PROBLEM DESCRIPTION
Collect from the data below each line with "dotvDr".

EXERCISE INPUT
(* Let $v \in \mathbb{R}^n$ be a zero-mean subgaussian random variable with variance proxy $R \succeq 0$. Then for any symmetric positive definite matrix $H \in \mathbb{R}^{n\times n}$ and any vector $x \in \mathbb{R}^n$, $$\frac{1}{\sqrt{|H+R|}}\, \mathbb{E}\left[e^{\frac12 \|x+v\|^2_{(H+R)^{-1}}}\right] \le \frac{1}{\sqrt{|H|}}\, e^{\frac12 \|x\|^2_{H^{-1}}}.$$
   Context: A zero-mean random variable $w \in \mathbb{R}^n$ is subgaussian with variance proxy $Q \succeq 0$ (a symmetric positive semidefinite matrix) if $\mathbb{E}[e^{\nu^\top w}] \le e^{\frac12 \nu^\top Q \nu}$ for all $\nu \in \mathbb{R}^n$. For a symmetric positive definite $A$, $\|x\|_A^2 = x^\top A x$; $|A|$ denotes the determinant. *)

From HB Require Import structures.
From mathcomp Require Import all_boot all_order all_algebra.
From mathcomp Require Import all_classical all_reals all_analysis.
Set Implicit Arguments. Unset Strict Implicit. Unset Printing Implicit Defensive.
Import Order.TTheory GRing.Theory Num.Theory.
Local Open Scope ring_scope.
Local Open Scope classical_set_scope.

Definition qform (R : realType) (n : nat) (A : 'M[R]_n) (x : 'cV[R]_n) : R :=
  (x^T *m A *m x) ord0 ord0.

Definition sym_psd (R : realType) (n : nat) (A : 'M[R]_n) : Prop :=
  A^T = A /\ forall y : 'cV[R]_n, 0 <= qform A y.

Definition sym_pd (R : realType) (n : nat) (A : 'M[R]_n) : Prop :=
  A^T = A /\ forall y : 'cV[R]_n, y != 0 -> 0 < qform A y.

Definition dotv (R : realType) (n : nat) (a b : 'cV[R]_n) : R :=
  (a^T *m b) ord0 ord0.

Definition subgaussian (R : realType) (d : measure_display) (T : measurableType d)
  (P : probability T R) (n : nat) (v : T -> 'cV[R]_n) (Q : 'M[R]_n) : Prop :=
  (forall i : 'I_n, measurable_fun setT (fun w => v w i ord0)) /\
  (forall i : 'I_n, P.-integrable setT (fun w => (v w i ord0)%:E)) /\
  (forall i : 'I_n, (\int[P]_w (v w i ord0)%:E = 0)%E) /\
  (forall nu : 'cV[R]_n,
     (\int[P]_w (expR (dotv nu (v w)))%:E <= (expR (2^-1 * qform Q nu))%:E)%E).

From HB Require Import structures.
From mathcomp Require Import all_boot all_order all_algebra.
From mathcomp Require Import all_classical all_reals all_analysis.
From mathcomp Require Import measurable_realfun polyrcf ring lra.
Set Implicit Arguments. Unset Strict Implicit. Unset Printing Implicit Defensive.
Import Order.TTheory GRing.Theory Num.Theory.
Local Open Scope ring_scope.

(* Write y = x + v and S = H + R.  The Gaussian identity
   exp(t^2/2) = E[exp(t g)], g ~ N(0,1), trades a rank-one term (a^T y)^2 of
   a quadratic exponent for a linear one, to which the subgaussian bound
   applies after Fubini; what is left is an explicit Gaussian integral in g.
   Peeling S^-1 into rank-one pivots a a^T, this gives by induction, for every
   A = a_1 a_1^T + ... + a_k a_k^T below S^-1,
     E[exp(nu^T y + y^T A y / 2)] <= K_A exp(nu^T m_A + nu^T C_A nu / 2)
   with M_A = 1 - R A, m_A = M_A^-1 x, C_A = M_A^-1 R and
   K_A = det(M_A)^-1/2 exp(x^T A m_A / 2).  The Gaussian integral of a step
   is finite because a^T C_A a < 1, which is where A + a a^T <= S^-1 is used.
   At A = S^-1 we have M_A = H S^-1, and nu = 0 gives the theorem. *)

Lemma quadratic_ge0_discr (R : realFieldType) (p q r : R) : 0 <= r ->
  (forall t, 0 <= p + 2 * t * q + t ^+ 2 * r) -> q ^+ 2 <= p * r.
Proof.
move=> r_ge0 ge0; have [r0|r_neq0] := eqVneq r 0.
  have [->|q_neq0] := eqVneq q 0; first by rewrite r0 expr0n mulr0.
  have := ge0 (- (p + 1) / (2 * q)); rewrite r0 mulr0 addr0.
  have -> : 2 * (- (p + 1) / (2 * q)) * q = - (p + 1) by field.
  lra.
have r_gt0 : 0 < r by rewrite lt_def r_neq0.
have := ge0 (- q / r).
have -> : p + 2 * (- q / r) * q + (- q / r) ^+ 2 * r = (p * r - q ^+ 2) / r by field.
by rewrite pmulr_lge0 ?invr_gt0 // subr_ge0.
Qed.

Section QuadraticForm.
Variables (R : realType) (n : nat).
Implicit Types (a b c u x y : 'cV[R]_n) (A B : 'M[R]_n).

Lemma dotvE a b : dotv a b = \sum_i a i ord0 * b i ord0.
Proof. by rewrite /dotv mxE; apply: eq_bigr => i _; rewrite mxE. Qed.

Lemma dotvC a b : dotv a b = dotv b a.
Proof. by rewrite !dotvE; apply: eq_bigr => i _; rewrite mulrC. Qed.

Lemma dotvDl a b c : dotv (a + b) c = dotv a c + dotv b c.
Proof. by rewrite !dotvE -big_split; apply: eq_bigr => i _; rewrite mxE mulrDl. Qed.

Lemma dotvDr a b c : dotv a (b + c) = dotv a b + dotv a c.
Proof. by rewrite dotvC dotvDl !(dotvC a). Qed.

Lemma dotvZl k a b : dotv (k *: a) b = k * dotv a b.
Proof. by rewrite !dotvE mulr_sumr; apply: eq_bigr => i _; rewrite mxE mulrA. Qed.

Lemma dotvZr k a b : dotv a (k *: b) = k * dotv a b.
Proof. by rewrite dotvC dotvZl dotvC. Qed.

Lemma dotvNr a b : dotv a (- b) = - dotv a b.
Proof. by rewrite -scaleN1r dotvZr mulN1r. Qed.

Lemma dotvBr a b c : dotv a (b - c) = dotv a b - dotv a c.
Proof. by rewrite dotvDr dotvNr. Qed.

Lemma dotv0l b : dotv 0 b = 0.
Proof. by rewrite -(scale0r 0) dotvZl mul0r. Qed.

Lemma dotv0r a : dotv a 0 = 0.
Proof. by rewrite dotvC dotv0l. Qed.

Lemma dotv_mulmxr a A b : dotv a (A *m b) = dotv (A^T *m a) b.
Proof. by rewrite /dotv trmx_mul trmxK mulmxA. Qed.

Lemma dotv_rank1 a b c d : dotv a ((b *m c^T) *m d) = dotv a b * dotv c d.
Proof. by rewrite -mulmxA [c^T *m d]mx11_scalar mul_mx_scalar dotvZr mulrC. Qed.

Lemma dotvv_ge0 a : 0 <= dotv a a.
Proof. by rewrite dotvE sumr_ge0 // => i _; rewrite -expr2 sqr_ge0. Qed.

Lemma dotv_delta_mxl i b : dotv (delta_mx i ord0) b = b i ord0.
Proof. by rewrite /dotv trmx_delta -rowE mxE. Qed.

Lemma qformE A x : qform A x = dotv x (A *m x).
Proof. by rewrite /qform /dotv mulmxA. Qed.

Lemma qformDl A B x : qform (A + B) x = qform A x + qform B x.
Proof. by rewrite !qformE mulmxDl dotvDr. Qed.

Lemma qformNl A x : qform (- A) x = - qform A x.
Proof. by rewrite !qformE mulNmx -scaleN1r dotvZr mulN1r. Qed.

Lemma qformZl k A x : qform (k *: A) x = k * qform A x.
Proof. by rewrite !qformE -scalemxAl dotvZr. Qed.

Lemma qform0l x : qform 0 x = 0.
Proof. by rewrite qformE mul0mx dotv0r. Qed.

Lemma qformZr A k x : qform A (k *: x) = k ^+ 2 * qform A x.
Proof. by rewrite !qformE -scalemxAr dotvZl dotvZr mulrA. Qed.

Lemma qform0r A : qform A 0 = 0.
Proof. by rewrite qformE dotv0l. Qed.

Lemma qform_rank1 a x : qform (a *m a^T) x = dotv a x ^+ 2.
Proof. by rewrite qformE dotv_rank1 dotvC. Qed.

Lemma qform_delta_mx A i : qform A (delta_mx i ord0) = A i i.
Proof. by rewrite qformE dotv_delta_mxl -colE !mxE. Qed.

Lemma qformDr A x y : A^T = A ->
  qform A (x + y) = qform A x + 2 * dotv x (A *m y) + qform A y.
Proof.
move=> symA; rewrite !qformE mulmxDr !dotvDl !dotvDr.
have -> : dotv y (A *m x) = dotv x (A *m y) by rewrite dotv_mulmxr symA dotvC.
ring.
Qed.

Lemma sym_psd_cauchy_schwarz A u y : sym_psd A ->
  dotv u (A *m y) ^+ 2 <= qform A u * qform A y.
Proof.
move=> [symA psdA]; apply: quadratic_ge0_discr => // t.
by have := psdA (u + t *: y); rewrite qformDr // qformZr -scalemxAr dotvZr mulrA.
Qed.

Lemma sym_psd_diag_ge0 A i : sym_psd A -> 0 <= A i i.
Proof. by move=> [_ psdA]; rewrite -qform_delta_mx. Qed.

Lemma sym_psd_diag_eq0 A i j : sym_psd A -> A i i = 0 -> A i j = 0.
Proof.
move=> psdA Aii0; have := sym_psd_cauchy_schwarz (delta_mx i ord0) (delta_mx j ord0) psdA.
rewrite dotv_delta_mxl -colE !qform_delta_mx Aii0 mul0r !mxE.
by move=> le0; apply/eqP; rewrite -sqrf_eq0 eq_le le0 sqr_ge0.
Qed.

End QuadraticForm.

Section RankOneDecomposition.
Variables (R : realType) (n : nat).

Let supp (A : 'M[R]_n) := [set i | A i i != 0].

Section Pivot.
Variables (A : 'M[R]_n) (i : 'I_n).
Hypotheses (psdA : sym_psd A) (Aii_gt0 : 0 < A i i).
(* Subtracting a a^T clears row and column i of A. *)
Let a := (Num.sqrt (A i i))^-1 *: col i A.

Lemma pivot_sym_psd : sym_psd (A - a *m a^T).
Proof.
split; first by rewrite linearB /= trmx_mul trmxK psdA.1.
move=> y; rewrite qformDl qformNl qform_rank1 subr_ge0 dotvZl colE dotvC dotv_mulmxr psdA.1.
rewrite exprMn exprVn (sqr_sqrtr (ltW Aii_gt0)) mulrC ler_pdivrMr // mulrC.
by rewrite -qform_delta_mx dotvC; apply: sym_psd_cauchy_schwarz.
Qed.

Lemma pivot_supp : supp (A - a *m a^T) \proper supp A.
Proof.
have aE j : a j ord0 = (Num.sqrt (A i i))^-1 * A j i by rewrite /a !mxE.
have aaE j k : (A - a *m a^T) j k = A j k - a j ord0 * a k ord0.
  by rewrite !mxE big_ord1 !mxE.
apply/properP; split.
  apply/fintype.subsetP => j; rewrite !inE; apply: contra => /eqP Ajj.
  by rewrite aaE !aE (@sym_psd_diag_eq0 _ _ A j i psdA Ajj) Ajj !mulr0 subr0.
exists i; first by rewrite inE gt_eqF.
rewrite inE negbK aaE aE mulrACA -expr2 exprVn.
by rewrite (sqr_sqrtr (ltW Aii_gt0)) mulKf ?subrr // gt_eqF.
Qed.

REPLY
Lemma dotvDr a b c : dotv a (b + c) = dotv a b + dotv a c.
Proof. by rewrite dotvDr dotvNr. Qed.
Proof. by rewrite !qformE mulmxDl dotvDr. Qed.
move=> symA; rewrite !qformE mulmxDr !dotvDl !dotvDr.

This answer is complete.